Menurut Ratih, konferensi ini dihadiri oleh perempuan dari berbagai negara di dunia yang mendukung perjuangan bangsa Palestina di negaranya masing-masing. “Kami mendesak negara-negara Arab dan muslim untuk mengambil peran mereka dalam melindungi Yerusalem dan kiblat pertama,” ujarnya.
Konferensi ke-7 Global Women’s Coalition for Quds and Palestine, lanjut Ratih, menyepakati terbentuknya Koalisi Global untuk Quds dan Palestina (GCQP). Tujuan acara ini adalah untuk mengikuti perkembangan isu terakhir Al-Quds dan menguatkan koalisi untuk kemerdekaan Palestina yang sudah terbilang dua dekade.

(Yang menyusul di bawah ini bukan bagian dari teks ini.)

Lemma encoding_section_has_one q : q < k -> 0 < count id (take n (drop (q * n) sE)).
Proof.
move=> qk; rewrite -has_count; apply/(has_nthP false).
have size_enc i j e : 1 <= i -> i < j -> j <= k -> edge_in n e -> size (encode n k i j e) = size sE.
  by move=> i1 ij jk e_in; rewrite (size_encode i1 ij jk e_in) size_encoding_part.
(* Section 0 holds the first endpoint of the edge chosen for (1,2), section q > 0 the second
   endpoint of the edge chosen for (1, q + 1). *)
have [r [r_n sE_r]] : exists r, r < n /\ nth false sE (q * n + r).
  case: q qk => [|q] qk.
    have [e e_in [sub _ _]] := pair_fit (isT : 1 <= 1) (isT : 1 < 2) (ltnW k_ge3).
    exists (e.1 - 1); split; first by move: e_in => /andP[/andP[]]; lia.
    apply: (common_count_sub (size_enc _ _ _ _ _ _ _) sub) => //; first exact: ltnW.
    by have := nth_encode_fst (isT : 1 <= 1) (isT : 1 < 2) (ltnW k_ge3) e_in.
  have [e e_in [sub _ _]] := pair_fit (isT : 1 <= 1) (isT : 1 < q.+2) qk.
  exists (e.2 - 1); split; first by move: e_in => /andP[/andP[]]; lia.
  apply: (common_count_sub (size_enc _ _ _ _ _ _ e_in) sub) => //.
  by have := nth_encode_snd (isT : 1 <= 1) (isT : 1 < q.+2) qk e_in; rewrite subn1.
exists r; last by rewrite nth_take // nth_drop.
have qn : n + q * n <= n * k by rewrite -mulSn mulnC leq_mul2l qk orbT.
by rewrite size_takel // size_drop size_encoding_part //; lia.
Qed.

Lemma solution_sections q : q < k -> count id (section n k s q) = 1.
Proof.
move=> qk; rewrite section_encoding_part //.
apply: (@sum_eq_all_one (fun q => count id (take n (drop (q * n) sE))) k) => //.
  by move=> q' q'k; apply: encoding_section_has_one.
by rewrite -count_sections ?count_encoding_part // size_encoding_part // mulnC.
Qed.

End SolutionSections.

Theorem lemma5 (n k : nat) (E : seq (nat * nat)) (s : seq bool) :
  simple_graph n E -> 3 <= k -> is_solution n k E s ->
  forall q, q < k -> count id (section n k s q) = 1.
Proof.
move=> G k_ge3 [s_size [t_close c_close]] q qk.
have [e0 e0_E] : exists e, e \in E.
  case: E G c_close => [|e E'] _ c_close; last by exists e; rewrite mem_head.
  have [p [p_size _]] := c_close 1 2 isT isT (ltnW k_ge3).
  by move: p_size (Npairs_ge3 k_ge3); rewrite s_size /LL /bb /choice_string /=; nia.
have E_in : {in E, forall e, edge_in n e} by case: G => _ /allP.
have n_ge2 : 2 <= n by move: (E_in e0 e0_E) => /andP[/andP[]]; lia.
have t_s := close_substring_same_size (etrans (size_template n k) (esym s_size)) t_close.
apply: solution_sections => // i j i1 ij jk.
have [e eE e_s] := aligned_block G n_ge2 k_ge3 s_size t_s i1 ij jk (c_close i j i1 ij jk).
by exists e; first exact: E_in.
Qed.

Ia menilai kemerdekaan Palestina memerlukan arah baru perjuangan untuk perluasan dukungan dan jejaring dari seluruh negara. “Kita perlu memberikan atensi dan arah baru perjuangan bangsa Palestina,” ujar Ratih.
Sementara itu, Sekretaris Koalisi GCQP Sana menegaskan, Israel telah banyak melanggar protokol Konvensi Jenewa yang menuntut kekuatan pendudukan untuk menghormati kebebasan penduduk Palestina. Perempuan Palestina lulusan Melbourne Australia ini juga berharap konferensi akan melahirkan peran koalisi dan perluasan jejaring perempuan ke seluruh dunia untuk membela perjuangan bangsa Palestina.
“Persoalan kemerdekaan Palestina, bukan hanya persoalan terbatas orang Arab, tapi persoalan kemanusiaan,” kata Sana. (Ach/din)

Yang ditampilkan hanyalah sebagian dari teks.